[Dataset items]
(* For $n\in\{0,1,2,\dots\}$ and $x\in(-1,1)$ let $e_n(x)=\mathrm{e}\bigl(1+\sum_{k=1}^n(-1)^k f_k x^k\bigr)$. Then: (i) if $x\in(0,1)$, then for every $k\ge1$, $$e_1(x)<e_3(x)<\dots<e_{2k-1}(x)<e_{2k+1}(x)<\dots<e(x)<\dots<e_{2k+2}(x)<e_{2k}(x)<\dots<e_2(x)<e_0(x),$$ i.e. the odd-indexed $e_{2k-1}(x)$ strictly increase and are all $<e(x)$, the even-indexed $e_{2k}(x)$ strictly decrease and are all $>e(x)$; (ii) if $x\in(-1,0)$, then $e_0(x)<e_1(x)<e_2(x)<\dots<e_n(x)<e_{n+1}(x)<\dots<e(x)$, i.e. $e_n(x)$ is strictly increasing in $n$ and $e_n(x)<e(x)$ for all $n$; (iii) $e_n(0)=e(0)=\mathrm{e}$ for all $n\ge0$.
   Context: Let $e(x)=(1+x)^{1/x}$ for $x>-1$, $x\neq 0$, and $e(0)=\mathrm{e}$. For $x\in(-1,1)$, $e(x)=\mathrm{e}\bigl(1+\sum_{k=1}^\infty e_k x^k\bigr)$, with $e_0=1$; equivalently $e_k=\mathrm{e}^{-1}\sum_{i=1}^\infty \frac{S_1(k+i,i)}{(k+i)!}$ for $k\ge1$, where $S_1(p,q)$ are the signed Stirling numbers of the first kind (sign $(-1)^{p-q}$). Define $f_k=(-1)^k e_k$, so that $e(x)=\mathrm{e}\bigl(1+\sum_{k\ge1}(-1)^kf_kx^k\bigr)$. *)

From Stdlib Require Import Reals.
Open Scope R_scope.

Definition eFun (x : R) : R :=
  if Req_EM_T x 0 then exp 1 else Rpower (1 + x) (1 / x).

(* Given the Taylor coefficients c = (e_k)_k of e(x)/e, f_k = (-1)^k e_k. *)
Definition fk (c : nat -> R) (k : nat) : R := (-1) ^ k * c k.

Fixpoint psum (c : nat -> R) (n : nat) (x : R) : R :=
  match n with
  | O => 0
  | S m => psum c m x + (-1) ^ (S m) * fk c (S m) * x ^ (S m)
  end.

Definition en (c : nat -> R) (n : nat) (x : R) : R := exp 1 * (1 + psum c n x).

(** With [A(x) = ln(1+x)/x = sum_k (-1)^k x^k/(k+1)], the function [e(x)/e = exp (A(x) - 1)]
    satisfies [(e/e)' = A' (e/e)]. In terms of [f_k] this gives
    [(n+1) f_(n+1) = sum_(k<=n) (1 - 1/(k+2)) f_(n-k)], so every [f_k] is positive, and the
    differences [b_j = f_j - f_(j+1)] obey [(m+2) b_(m+1) = 1/(m+3) - sum_(k<=m) b_(m-k)/(k+2)],
    from which [b_j > 0] follows by induction. Hence for [0 < x < 1] the series of [e(x)/e] is
    alternating with strictly decreasing terms [f_k x^k], and for [-1 < x < 0] all its terms
    [f_k |x|^k] are positive. *)

From Stdlib Require Import Reals Lra Lia Psatz.
From Coquelicot Require Import Coquelicot.
Open Scope R_scope.

Lemma sum_f_R0_pos (A : nat -> R) n :
  (forall i, (i <= n)%nat -> 0 < A i) -> 0 < sum_f_R0 A n.
Proof.
  induction n as [|n IH]; intros HA; simpl.
  - apply HA; lia.
  - assert (0 < sum_f_R0 A n) by (apply IH; intros; apply HA; lia).
    assert (0 < A (S n)) by (apply HA; lia).
    lra.
Qed.

Lemma neg1_pow_sqr k : (-1) ^ k * (-1) ^ k = 1.
Proof. rewrite <- Rpow_mult_distr. replace (-1 * -1) with 1 by ring. apply pow1. Qed.

(** * Positivity of a Kaluza-type recursion *)

Definition inv_add2 (k : nat) : R := / (INR k + 2).

Lemma inv_add2_pos k : 0 < inv_add2 k.
Proof. unfold inv_add2. apply Rinv_0_lt_compat. pose proof (pos_INR k). lra. Qed.

Lemma inv_add2_spec k : inv_add2 k * (INR k + 2) = 1.
Proof. unfold inv_add2. field. pose proof (pos_INR k). lra. Qed.

Section DifferenceRecursion.

Variable b : nat -> R.
Hypothesis b_0 : b 0%nat = inv_add2 0.
Hypothesis b_rec : forall m, INR (S (S m)) * b (S m) =
  inv_add2 (S m) - sum_f_R0 (fun k => inv_add2 k * b (m - k)%nat) m.

(* The weight ratios [inv_add2 (S k) / inv_add2 k] increase with [k]. *)
Lemma shifted_weighted_sum_le m :
  (forall j, (j <= m)%nat -> 0 <= b j) ->
  sum_f_R0 (fun k => inv_add2 (S k) * b (m - k)%nat) m * inv_add2 (S m)
  <= sum_f_R0 (fun k => inv_add2 k * b (m - k)%nat) m * inv_add2 (S (S m)).
Proof.
  intros Hb. rewrite !(Rmult_comm (sum_f_R0 _ _)), !scal_sum.
  apply sum_Rle. intros i Hi.
  assert (0 <= b (m - i)%nat) by (apply Hb; lia).
  assert (inv_add2 (S i) * inv_add2 (S m) <= inv_add2 i * inv_add2 (S (S m))).
  { unfold inv_add2. rewrite !S_INR. apply le_INR in Hi. pose proof (pos_INR i).
    rewrite <- !Rinv_mult. apply Rinv_le_contravar; nra. }
  nra.
Qed.

Lemma diff_succ_succ_pos m :
  (forall j, (j <= m)%nat -> 0 <= b j) -> 0 < b (S m) -> 0 < b (S (S m)).
Proof.
  intros Hb Hb1.
  pose proof (b_rec (S m)) as R1. pose proof (b_rec m) as R0.
  rewrite decomp_sum in R1 by lia. simpl pred in R1.
  replace (S m - 0)%nat with (S m) in R1 by lia.
  change (sum_f_R0 (fun i => inv_add2 (S i) * b (S m - S i)%nat) m)
    with (sum_f_R0 (fun i => inv_add2 (S i) * b (m - i)%nat) m) in R1.
  pose proof (shifted_weighted_sum_le m Hb) as Hle.
  set (S1 := sum_f_R0 (fun i => inv_add2 (S i) * b (m - i)%nat) m) in *.
  set (S0 := sum_f_R0 (fun k => inv_add2 k * b (m - k)%nat) m) in *.
  pose proof (inv_add2_spec (S m)) as E1. pose proof (inv_add2_spec (S (S m))) as E2.
  pose proof (inv_add2_pos (S m)). pose proof (inv_add2_pos (S (S m))).
  assert (inv_add2 0 = / 2) by (unfold inv_add2; simpl; f_equal; ring).
  rewrite !S_INR in *. pose proof (pos_INR m).
  set (v1 := inv_add2 (S m)) in *. set (v2 := inv_add2 (S (S m))) in *.
  (* eliminating [S0] and [S1] leaves [(m+3) b_(m+2) v1 >= b_(m+1) ((m+2) v2 - v1/2)] *)
  assert (0 < v2 * (INR m + 1 + 1) - v1 * inv_add2 0) by nra.
  assert (0 < v1 * ((INR m + 1 + 1 + 1) * b (S (S m)))) by nra.
  nra.
Qed.

Lemma diff_pos n : 0 < b n.
Proof.
  assert (H : forall m j, (j <= S m)%nat -> 0 < b j).
  { intros m; induction m as [|m IH]; intros j Hj.
    - destruct j as [|[|j]].
      + rewrite b_0. apply inv_add2_pos.
      + pose proof (b_rec 0) as R. simpl in R. rewrite b_0 in R. unfold inv_add2 in R.
        replace (/ (INR 1 + 2) - / (INR 0 + 2) * / (INR 0 + 2)) with (/ 12) in R
          by (simpl; field).
        pose proof (Rinv_0_lt_compat 12 ltac:(lra)). lra.
      + lia.
    - destruct (Nat.le_gt_cases j (S m)) as [h|h]; [now apply IH|].
      replace j with (S (S m)) by lia.
      apply diff_succ_succ_pos; [intros i Hi; left; apply IH; lia | apply IH; lia]. }
  apply (H n); lia.
Qed.

End DifferenceRecursion.

Section CoefficientRecursion.

Variable f : nat -> R.
Hypothesis f_0 : f 0%nat = 1.
Hypothesis f_rec : forall n, INR (S n) * f (S n) =
  sum_f_R0 (fun k => (1 - inv_add2 k) * f (n - k)%nat) n.
(* Let $L$ be a list of sets, $F_t$, $F_c$, $F'$ families, $w$ a function from elements to $\mathbb{N}$ and $X$ a set. Suppose (i) $\mathrm{ssn\_aux}(L,F_t,F_c,w,X)=\mathrm{false}$; (ii) $\mathrm{ss}(A,w,X)<0$ for every entry $A$ of $L$; (iii) every $A\in F'\setminus F_t$ with $\mathrm{ss}(A,w,X)<0$ is an entry of $L$; (iv) $F_t\subseteq F'$; (v) $F'$ is union closed for $F_c$. Then $\mathrm{fs}(F',w,X)\ge 0$.
   Context: All sets and families are finite. A family $F$ is union closed if $A\cup B\in F$ for all $A,B\in F$; it is union closed for $F_c$ if it is union closed and $A\cup B\in F$ for all $A\in F$, $B\in F_c$. $\mathrm{sw}(w,A)=\sum_{a\in A}w(a)$; $\mathrm{ss}(A,w,X)=2\,\mathrm{sw}(w,A)-\mathrm{sw}(w,X)\in\mathbb{Z}$; $\mathrm{fs}(F,w,X)=\sum_{A\in F}\mathrm{ss}(A,w,X)$. For a family $G$ and a set $h$, $\mathrm{ica}_{G}(h,F) = F\cup\{h\}\cup\{h\cup B: B\in F\}\cup\{h\cup B: B\in G\}$. The function $\mathrm{ssn\_aux}(L,F_t,G,w,X)$ (boolean valued) is defined by recursion on the list $L$: $\mathrm{ssn\_aux}([\,],F_t,G,w,X) = (\mathrm{fs}(F_t,w,X)<0)$; and for $L = h\#t$: if $\mathrm{fs}(F_t,w,X)+\sum_{A \in h\#t}\mathrm{ss}(A,w,X)\ge 0$ (sum over list entries) then false; else if $\mathrm{ssn\_aux}(t,F_t,G,w,X)$ then true; else if $h\in F_t$ then false; else $\mathrm{ssn\_aux}(t,\mathrm{ica}_G(h,F_t),G,w,X)$. *)

From HB Require Import structures.
From mathcomp Require Import all_boot all_order all_algebra.
Set Implicit Arguments. Unset Strict Implicit. Unset Printing Implicit Defensive.
Import Order.TTheory GRing.Theory Num.Theory.
Local Open Scope ring_scope.

Section Defs.
Variable T : finType.

Definition sw (w : T -> nat) (A : {set T}) : nat := (\sum_(a in A) w a)%N.

Definition ss (A : {set T}) (w : T -> nat) (X : {set T}) : int :=
  (2 * sw w A)%N%:Z - (sw w X)%:Z.

Definition fs (F : {set {set T}}) (w : T -> nat) (X : {set T}) : int :=
  \sum_(A in F) ss A w X.

Definition union_closed (F : {set {set T}}) : Prop :=
  forall A B, A \in F -> B \in F -> A :|: B \in F.

Definition union_closed_for (F Fc : {set {set T}}) : Prop :=
  union_closed F /\ (forall A B, A \in F -> B \in Fc -> A :|: B \in F).

Definition ica (G : {set {set T}}) (h : {set T}) (F : {set {set T}})
  : {set {set T}} :=
  F :|: [set h] :|: [set h :|: B | B in F] :|: [set h :|: B | B in G].

Fixpoint ssn_aux (L : seq {set T}) (Ft G : {set {set T}}) (w : T -> nat)
  (X : {set T}) : bool :=
  match L with
  | [::] => fs Ft w X < 0
  | h :: t =>
      if 0 <= fs Ft w X + \sum_(A <- h :: t) ss A w X then false
      else if ssn_aux t Ft G w X then true
      else if h \in Ft then false
      else ssn_aux t (ica G h Ft) G w X
  end.

End Defs.

From HB Require Import structures.
From mathcomp Require Import all_boot all_order all_algebra.
Import Order.TTheory GRing.Theory Num.Theory.
Local Open Scope ring_scope.

(* Call a list L a "negative cover" of F' over Ft when every
   member of F' outside Ft with negative ss occurs in L.  If moreover all
   entries of L have negative ss, then fs(Ft) + sum_L ss is a LOWER bound
   for fs(F'): the members of F' \ Ft with negative ss contribute at least
   the (negative) sum over L, and the others contribute nonnegatively.
   The theorem follows by induction on L, following the recursion of
   ssn_aux: either the threshold test fs(Ft) + sum_L ss >= 0 fires, and the
   lower bound gives fs(F') >= 0, or the recursion drops the head h and
   continues with Ft itself or with ica(h, Ft).  In each of those branches
   the tail of L is again a negative cover, over a family still contained
   in F' (for ica this uses that F' is union closed for Fc). *)

Lemma sum_neg_seq_le (I : finType) (R : numDomainType) (f : I -> R)
    (L : seq I) (S : {set I}) :
  (forall i, i \in L -> f i < 0) -> {subset S <= L} ->
  \sum_(i <- L) f i <= \sum_(i in S) f i.
Proof.
elim: L S => [|h t IH] S neg_f sub_S.
  have -> : S = set0 by apply/setP => i; rewrite inE; apply/negP => /sub_S.
  by rewrite big_nil big_set0.
have neg_t : forall i, i \in t -> f i < 0.
  by move=> i it; apply: neg_f; rewrite inE it orbT.
have neg_h : f h < 0 by apply: neg_f; rewrite inE eqxx.
rewrite big_cons; case: (boolP (h \in S)) => hS.
  rewrite (big_setD1 h hS) lerD2l; apply: IH => // i.
  by rewrite !inE => /andP [ih /sub_S]; rewrite inE (negbTE ih).
apply: le_trans (IH S neg_t _); first by rewrite gerDr ltW.
move=> i iS; move: (sub_S i iS); rewrite inE => /orP [/eqP ih|//].
by rewrite -ih iS in hS.
Qed.

Section NegativeCover.
Set Implicit Arguments.
Variables (T : finType) (w : T -> nat) (X : {set T}).

Definition neg_cover (L : seq {set T}) (Ft F' : {set {set T}}) : Prop :=
  forall A, A \in F' -> A \notin Ft -> ss A w X < 0 -> A \in L.

Lemma fs_cover_lower_bound (L : seq {set T}) (Ft F' : {set {set T}}) :
  Ft \subset F' -> (forall A, A \in L -> ss A w X < 0) ->
  neg_cover L Ft F' ->
  fs Ft w X + \sum_(A <- L) ss A w X <= fs F' w X.
Proof.
move=> sub neg_L cover.
rewrite /fs [X in _ <= X](big_setID Ft) /= (setIidPr sub) lerD2l.
rewrite [X in _ <= X](big_setID [set A | ss A w X < 0]) /=.
have neg_part : \sum_(A <- L) ss A w X <=
    \sum_(A in (F' :\: Ft) :&: [set A | ss A w X < 0]) ss A w X.
  apply: sum_neg_seq_le => // A; rewrite !inE => /andP [/andP [AF AFt] An].
  exact: cover.
apply: le_trans neg_part _; rewrite lerDl sumr_ge0 // => A.
by rewrite !inE => /andP [An _]; rewrite leNgt.
Qed.

Lemma neg_cover_tail (h : {set T}) (t : seq {set T}) (Ft G F' : {set {set T}}) :
  Ft \subset G -> (h \in G) || (h \notin F') ->
  neg_cover (h :: t) Ft F' -> neg_cover t G F'.
Proof.
move=> sub_G h_out cover A AF AG An.
have AFt : A \notin Ft by apply: contra AG; apply: (subsetP sub_G).
move: (cover A AF AFt An); rewrite inE => /orP [/eqP Ah|//].
by move: h_out; rewrite -Ah (negbTE AG) AF.
Qed.

End NegativeCover.

Lemma ica_subset (T : finType) (G F : {set {set T}}) (h : {set T}) :
  F \subset ica G h F.
Proof. by apply/subsetP => A AF; rewrite /ica !inE AF. Qed.

Lemma ica_head (T : finType) (G F : {set {set T}}) (h : {set T}) :
  h \in ica G h F.
Proof. by rewrite /ica !inE eqxx orbT. Qed.

Lemma ica_sub_closed (T : finType) (G F F' : {set {set T}}) (h : {set T}) :
  union_closed_for F' G -> F \subset F' -> h \in F' -> ica G h F \subset F'.
Proof.
move=> [uc ucG] sub hF'; apply/subsetP => A.
rewrite /ica !inE => /orP [/orP [/orP [AF|/eqP ->]|]|] //.
- exact: (subsetP sub).
- by case/imsetP => B BF ->; apply: uc => //; apply: (subsetP sub).
- by case/imsetP => B BG ->; apply: ucG.
Qed.

Theorem lemma5 (T : finType) (L : seq {set T}) (Ft Fc F' : {set {set T}})
  (w : T -> nat) (X : {set T}) :
  ssn_aux L Ft Fc w X = false ->
  (forall A, A \in L -> ss A w X < 0) ->
  (forall A, A \in F' -> A \notin Ft -> ss A w X < 0 -> A \in L) ->
  Ft \subset F' ->
  union_closed_for F' Fc ->
  0 <= fs F' w X.
Proof.
move=> + + + + closed; elim: L Ft => [|h t IH] Ft /= ssn neg_L cover sub.
  have := fs_cover_lower_bound sub neg_L cover.
  by rewrite big_nil addr0; apply: le_trans; rewrite leNgt ssn.
have neg_t : forall A, A \in t -> ss A w X < 0.
  by move=> A At; apply: neg_L; rewrite inE At orbT.
case: ifP ssn => [threshold _|_].
  exact: le_trans threshold (fs_cover_lower_bound sub neg_L cover).
case: ifP => // ssn_t; case: ifP => [hFt _|_ ssn_ica].
  apply: (IH Ft) => //; apply: (neg_cover_tail (subxx Ft) _ cover).
  by rewrite hFt.
case: (boolP (h \in F')) => hF'; last first.
  apply: (IH Ft) => //; apply: (neg_cover_tail (subxx Ft) _ cover).
  by rewrite hF' orbT.
apply: (IH (ica Fc h Ft)) => //; last exact: ica_sub_closed.
by apply: (neg_cover_tail (ica_subset _ _ _) _ cover); rewrite ica_head.
Qed.
(* Let $\mathcal{M}_1=(E_1,\mathcal{B}_1)$ and $\mathcal{M}_2=(E_2,\mathcal{B}_2)$ be matroids with $E_1\cap E_2=\{p\}$, where $p$ is not a coloop of both. Let $E_1\uplus E_2=(E_1\cup E_2\cup\{p_1,p_2\})\setminus\{p\}$, where $p_i$ plays the role of $p$ in $E_i$, so that $P_{\mathcal{M}_1}\times P_{\mathcal{M}_2}\subset\mathbb{R}^{E_1\uplus E_2}$. Then the base polytope of the series connection $\mathcal{S}(\mathcal{M}_1,\mathcal{M}_2)$ is linearly isomorphic to $(P_{\mathcal{M}_1}\times P_{\mathcal{M}_2})\cap\{x\in\mathbb{R}^{E_1\uplus E_2}: x_{p_1}+x_{p_2}\le 1\}$.
   Context: For a matroid $\mathcal{M}=(E,\mathcal{B})$, the base polytope is $P_{\mathcal{M}}=\operatorname{conv}\{\mathbf{1}_B:B\in\mathcal{B}\}\subset\mathbb{R}^E$. For $\mathcal{M}_1,\mathcal{M}_2$ as in the claim, the series connection $\mathcal{S}(\mathcal{M}_1,\mathcal{M}_2)$ is the matroid on $E_1\cup E_2$ with bases $\{B_1\cup B_2: B_1\in\mathcal{B}_1, B_2\in\mathcal{B}_2, B_1\cap B_2=\emptyset\}$. *)

From HB Require Import structures.
From mathcomp Require Import all_boot all_order all_algebra.
Set Implicit Arguments. Unset Strict Implicit. Unset Printing Implicit Defensive.
Import Order.TTheory GRing.Theory Num.Theory.
Local Open Scope ring_scope.

Definition is_matroid (T : finType) (E : {set T}) (Bs : {set {set T}}) : Prop :=
  [/\ Bs != set0,
      (forall B, B \in Bs -> B \subset E) &
      (forall B1 B2, B1 \in Bs -> B2 \in Bs -> forall x, x \in B1 :\: B2 ->
         exists2 y, y \in B2 :\: B1 & y |: (B1 :\ x) \in Bs)].

Definition is_coloop (T : finType) (Bs : {set {set T}}) (p : T) : Prop :=
  forall B, B \in Bs -> p \in B.

Definition series_bases (T : finType) (Bs1 Bs2 : {set {set T}}) : {set {set T}} :=
  [set B1 :|: B2 | B1 in Bs1, B2 in Bs2 & [disjoint B1 & B2]].

Definition conv (R : numDomainType) (V : lmodType R) (S : seq V) : V -> Prop :=
  fun x => exists w : V -> R,
    [/\ forall v, 0 <= w v, \sum_(v <- S) w v = 1 & x = \sum_(v <- S) w v *: v].

Definition indic (R : numDomainType) (T : finType) (E : {set T}) (B : {set T})
  : {ffun {x : T | x \in E} -> R^o} := [ffun x => ((val x \in B)%:R : R)].

Definition base_polytope (R : numDomainType) (T : finType) (E : {set T})
  (Bs : {set {set T}}) : {ffun {x : T | x \in E} -> R^o} -> Prop :=
  conv [seq indic R E B | B <- enum Bs].

(* R^(E1 ⊎ E2): coordinates indexed by the disjoint union of E1 and E2, so the
   copy of p in E1 is p1 = inl p and its copy in E2 is p2 = inr p. *)
Definition dsum_vec (R : numDomainType) (T : finType) (E1 E2 : {set T}) :=
  {ffun ({x : T | x \in E1} + {x : T | x \in E2})%type -> R^o}.

Definition prod_cut (R : numDomainType) (T : finType) (E1 E2 : {set T})
  (P1 : {ffun {x : T | x \in E1} -> R^o} -> Prop)
  (P2 : {ffun {x : T | x \in E2} -> R^o} -> Prop)
  (p1 : {x : T | x \in E1}) (p2 : {x : T | x \in E2}) : dsum_vec R E1 E2 -> Prop :=
  fun x => [/\ P1 [ffun e => x (inl e)], P2 [ffun e => x (inr e)]
             & (x (inl p1) : R) + (x (inr p2) : R) <= 1].

Definition lin_iso (R : numDomainType) (U V : lmodType R) (P : U -> Prop) (Q : V -> Prop)
  : Prop :=
  exists f : U -> V,
    [/\ forall a u v, f (a *: u + v) = a *: f u + f v,
        forall x y, P x -> P y -> f x = f y -> x = y &
        forall y, Q y <-> exists2 x, P x & f x = y].

Arguments base_polytope R {T} E Bs _.
Arguments indic R {T} E B.

From HB Require Import structures.
From mathcomp Require Import all_boot all_order all_algebra ring lra.
Set Implicit Arguments. Unset Strict Implicit. Unset Printing Implicit Defensive.
Import Order.TTheory GRing.Theory Num.Theory.
Local Open Scope ring_scope.

(* The map [f] keeps every coordinate of [x] outside [p] and sets
   [f x p_i = r_i / (r_1 + r_2) * \sum x - \sum_(E_i :\ p) x], with [r_i] the
   rank of [M_i]. It sends the vertex [1_(B1 :|: B2)] of the series polytope to
   [(1_B1, 1_B2)], and it is injective on the polytope because [\sum x] is the
   constant [r_1 + r_2] there; as [B1] and [B2] are disjoint, the image lies
   below the cut [x_p1 + x_p2 <= 1].
   Conversely, a point of the cut is [(\sum a B1 1_B1, \sum b B2 1_B2)] for
   probability weights [a], [b] whose masses [al], [be] on the bases containing
   [p] satisfy [al + be <= 1]. This is exactly the condition for a coupling of
   [a] and [b] that avoids the pairs of bases both containing [p]; any other
   pair of bases is disjoint, so the coupling is a convex combination of
   vertices of the series polytope mapped onto the given point. *)

Lemma sum_indicator (R : pzSemiRingType) (T : finType) (A : {set T}) :
  \sum_(t : T) ((t \in A)%:R : R) = #|A|%:R.
Proof.
rewrite -natr_sum -sum1_card [in RHS]big_mkcond /=.
by congr (_ %:R); apply: eq_bigr => t _; case: (t \in A).
Qed.

Section Indicators.
Variables (R : numDomainType) (T : finType) (E : {set T}).
Local Notation vec := {ffun {x : T | x \in E} -> R^o}.

Definition ext0 (x : vec) (t : T) : R := if insub t is Some u then x u else 0.

Lemma ext0_val (x : vec) u : ext0 x (val u) = x u.
Proof. by rewrite /ext0 valK. Qed.

Lemma ext0_indic (B : {set T}) t : B \subset E -> ext0 (indic R E B) t = (t \in B)%:R.
Proof.
move=> sBE; rewrite /ext0; case: insubP => [u _ <-|tE]; first by rewrite ffunE.
by case tB: (t \in B); rewrite // (subsetP sBE) in tE.
Qed.

Lemma ext0_linear a (u v : vec) t : ext0 (a *: u + v) t = a * ext0 u t + ext0 v t.
Proof. by rewrite /ext0; case: insubP => [w _ _|_]; rewrite ?ffunE ?mulr0 ?addr0. Qed.

Lemma ext0_sum (I : finType) (P : pred I) (c : I -> R) (F : I -> vec) t :
  ext0 (\sum_(i | P i) c i *: F i) t = \sum_(i | P i) c i * ext0 (F i) t.
Proof.
rewrite /ext0; case: insubP => [w _ _|_]; last by rewrite big1 // => i _; rewrite mulr0.
by rewrite sum_ffunE; apply: eq_bigr => i _; rewrite ffunE.
Qed.

Lemma indic_inj (B B' : {set T}) :
  B \subset E -> B' \subset E -> indic R E B = indic R E B' -> B = B'.
Proof.
move=> sBE sB'E eqBB'; apply/setP => t.
have := congr1 (ext0^~ t) eqBB'; rewrite !ext0_indic //.
by move/eqP; rewrite eqr_nat; case: (t \in B); case: (t \in B').
Qed.

Variable Bs : {set {set T}}.
Hypothesis sub_bases : forall B, B \in Bs -> B \subset E.

Definition conv_bases (x : vec) : Prop :=
  exists c : {set T} -> R, [/\ forall B, 0 <= c B, \sum_(B in Bs) c B = 1 &
     x = \sum_(B in Bs) c B *: indic R E B].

WHAT THIS TASK INVOLVES: Scan the entries above for the line containing "with (sum_f_R0 (fun", and copy it and all lines after it exactly, down to and including the line containing "inv_add2 in R.".

OUTPUT OF THE EXERCISE:
    with (sum_f_R0 (fun i => inv_add2 (S i) * b (m - i)%nat) m) in R1.
  pose proof (shifted_weighted_sum_le m Hb) as Hle.
  set (S1 := sum_f_R0 (fun i => inv_add2 (S i) * b (m - i)%nat) m) in *.
  set (S0 := sum_f_R0 (fun k => inv_add2 k * b (m - k)%nat) m) in *.
  pose proof (inv_add2_spec (S m)) as E1. pose proof (inv_add2_spec (S (S m))) as E2.
  pose proof (inv_add2_pos (S m)). pose proof (inv_add2_pos (S (S m))).
  assert (inv_add2 0 = / 2) by (unfold inv_add2; simpl; f_equal; ring).
  rewrite !S_INR in *. pose proof (pos_INR m).
  set (v1 := inv_add2 (S m)) in *. set (v2 := inv_add2 (S (S m))) in *.
  (* eliminating [S0] and [S1] leaves [(m+3) b_(m+2) v1 >= b_(m+1) ((m+2) v2 - v1/2)] *)
  assert (0 < v2 * (INR m + 1 + 1) - v1 * inv_add2 0) by nra.
  assert (0 < v1 * ((INR m + 1 + 1 + 1) * b (S (S m)))) by nra.
  nra.
Qed.

Lemma diff_pos n : 0 < b n.
Proof.
  assert (H : forall m j, (j <= S m)%nat -> 0 < b j).
  { intros m; induction m as [|m IH]; intros j Hj.
    - destruct j as [|[|j]].
      + rewrite b_0. apply inv_add2_pos.
      + pose proof (b_rec 0) as R. simpl in R. rewrite b_0 in R. unfold inv_add2 in R.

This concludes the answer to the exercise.